Rooting for Muslim terrorism, for example, is the destination on many roads radiating from evil. One of them is common-or-garden anti-Semitism masquerading as criticism of Israel’s policies.

Likewise, admirers of Putin camouflage their visceral craving for a muscular state mouthing quasi-conservative slogans as criticism of the Ukrainian government. They aren’t deterred by the implicit imbecilic logic: because the Ukraine is imperfect, Putin’s bandit raid is justified.

That the Ukraine is imperfect is true – in this world we aren’t blessed with perfection. Yet she isn’t evil, and Putin’s Russia is.

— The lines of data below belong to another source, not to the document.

Lemma STonee_add m k i j : (i < 4 ^ (m + k))%N -> (j < 4 ^ (m + k))%N ->
  STonee (R:=R) (m + k) i j =
  STonee m (i %/ 4 ^ k) (j %/ 4 ^ k) * STonee k (i %% 4 ^ k) (j %% 4 ^ k).
Proof.
elim: m i j => [|m IH] i j hi hj; first by rewrite /= !modn_small // mul1r.
rewrite addSn /= IH ?ltn_mod ?expn_gt0 //.
rewrite -!divnMA -!expnD (addnC k m) !modn_divl -!expnD.
by rewrite !(@modn_dvdm (4 ^ (m + k)) _ (4 ^ k)) ?dvdn_exp2l ?leq_addl // mulrA.
Qed.

Lemma STone_involutive k : STone k *m STone k = 1%:M :> 'M[R]_(4 ^ k).
Proof.
apply/matrixP => i j; rewrite !mxE -(@STonee_involutive k i j (ltn_ord i) (ltn_ord j)).
by rewrite big_mkord; apply: eq_bigr => l _; rewrite !mxE.
Qed.

Lemma sum_STonee_patch a d r p : (r < 4 ^ (a + d))%N -> (p < 4 ^ a)%N ->
  \sum_(0 <= l < 4 ^ (a + d)) STonee (R:=R) (a + d) r l * (l %/ 4 ^ d == p)%N%:R =
  STonee a (r %/ 4 ^ d) p.
Proof.
move=> hr hp; rewrite expnD sum_nat_mul_split.
rewrite -[RHS](@sum_nat_indicator _ _ _ (fun q => STonee a (r %/ 4 ^ d) q) hp).
apply: eq_big_nat => q /andP[_ hq].
have hl g : (g < 4 ^ d)%N -> (q * 4 ^ d + g < 4 ^ (a + d))%N.
  move=> hg; rewrite expnD (leq_trans (_ : _ < q.+1 * 4 ^ d)%N) //.
    by rewrite mulSnr ltn_add2l.
  by rewrite leq_mul2r hq orbT.
transitivity (\sum_(0 <= g < 4 ^ d) STonee (R:=R) d (r %% 4 ^ d) g *
                ((p == q)%:R * STonee a (r %/ 4 ^ d) q)).
  apply: eq_big_nat => g /andP[_ hg].
  rewrite STonee_add ?hl // divn_mulDl_small ?modn_mulDl_small // eq_sym.
  by rewrite mulrAC mulrC [_ * (_ == _)%:R]mulrC.
by rewrite -mulr_suml STonee_rowsum ?ltn_mod ?expn_gt0 // mul1r.
Qed.

(* S_{N^2} = S_{n^2} (x) S_{delta^2} and S_{delta^2} has unit row sums,
   so the STone transform commutes with prolongation. *)
Lemma STone_Pmx a c : (a <= c)%N ->
  STone c *m Pmx a c = Pmx a c *m STone a :> 'M[R]_(4 ^ c, 4 ^ a).
Proof.
move=> hac; apply/matrixP => j i; rewrite !mxE.
under eq_bigr do rewrite !mxE.
under [in RHS]eq_bigr do rewrite !mxE.
rewrite -(big_mkord xpredT (fun l => STonee c j l * (blk a c l == i)%:R)).
rewrite -(big_mkord xpredT (fun l => (blk a c j == l)%:R * STonee a l i)).
rewrite sum_nat_indicator ?blk_lt //.
move: (ltn_ord j) (ltn_ord i); move: (nat_of_ord j) (nat_of_ord i) => r p.
rewrite /blk; have [d ->] : exists d, c = (a + d)%N by exists (c - a)%N; rewrite subnKC.
by rewrite addKn; exact: sum_STonee_patch.
Qed.

Lemma STone_mulmxK k m (x : 'M[R]_(4 ^ k, m)) : STone k *m (STone k *m x) = x.
Proof. by rewrite mulmxA STone_involutive mul1mx. Qed.

Lemma STone_mulmx_eq k m (x y : 'M[R]_(4 ^ k, m)) :
  (x = STone k *m y) <-> (STone k *m x = y).
Proof. by split=> [->|<-]; rewrite STone_mulmxK. Qed.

In the same vein, people with intellectual pretensions happily decorticate the Israeli government, pointing out its failings. They then lash out at those who they claim equate anti-Israeli with anti-Semitic sentiments.

On the face of it they are right: a critic of Israel doesn’t have to hate Jews any more than a critic of HMG has to hate Britain. On the other hand, one has to ask why they are so persistent, borderline obsessive, in identifying Israeli imperfections. Why such intense scrutiny of the only civilised country in the region? Could it by any chance be their urgent need to find something wrong with the Jews?

Meanwhile police forces all over Britain are putting more men on the streets in Jewish neighbourhoods, anticipating violent attacks. Yet British Jews aren’t Israelis. They may sympathise with Israel, as do all decent Westerners, but they are in no way responsible for its policies. Why are they then being targeted?

In parallel, traditional Russian anti-Semitism, kept under wraps for a couple of decades, is now claiming broadcast time and newspaper space. One has to wonder if Putin authorised that volte-face in the runup to the HAMAS action.

When the Poles rose against Russian rule in the 1830s, their slogan – also aimed at the Russians themselves – was “For our freedom and yours” (Za naszą i waszą wolność). Both Israelis and Ukrainians, dying as they fight evil, could say the same thing. For they aren’t just fighting for their own survival. They are also fighting for ours.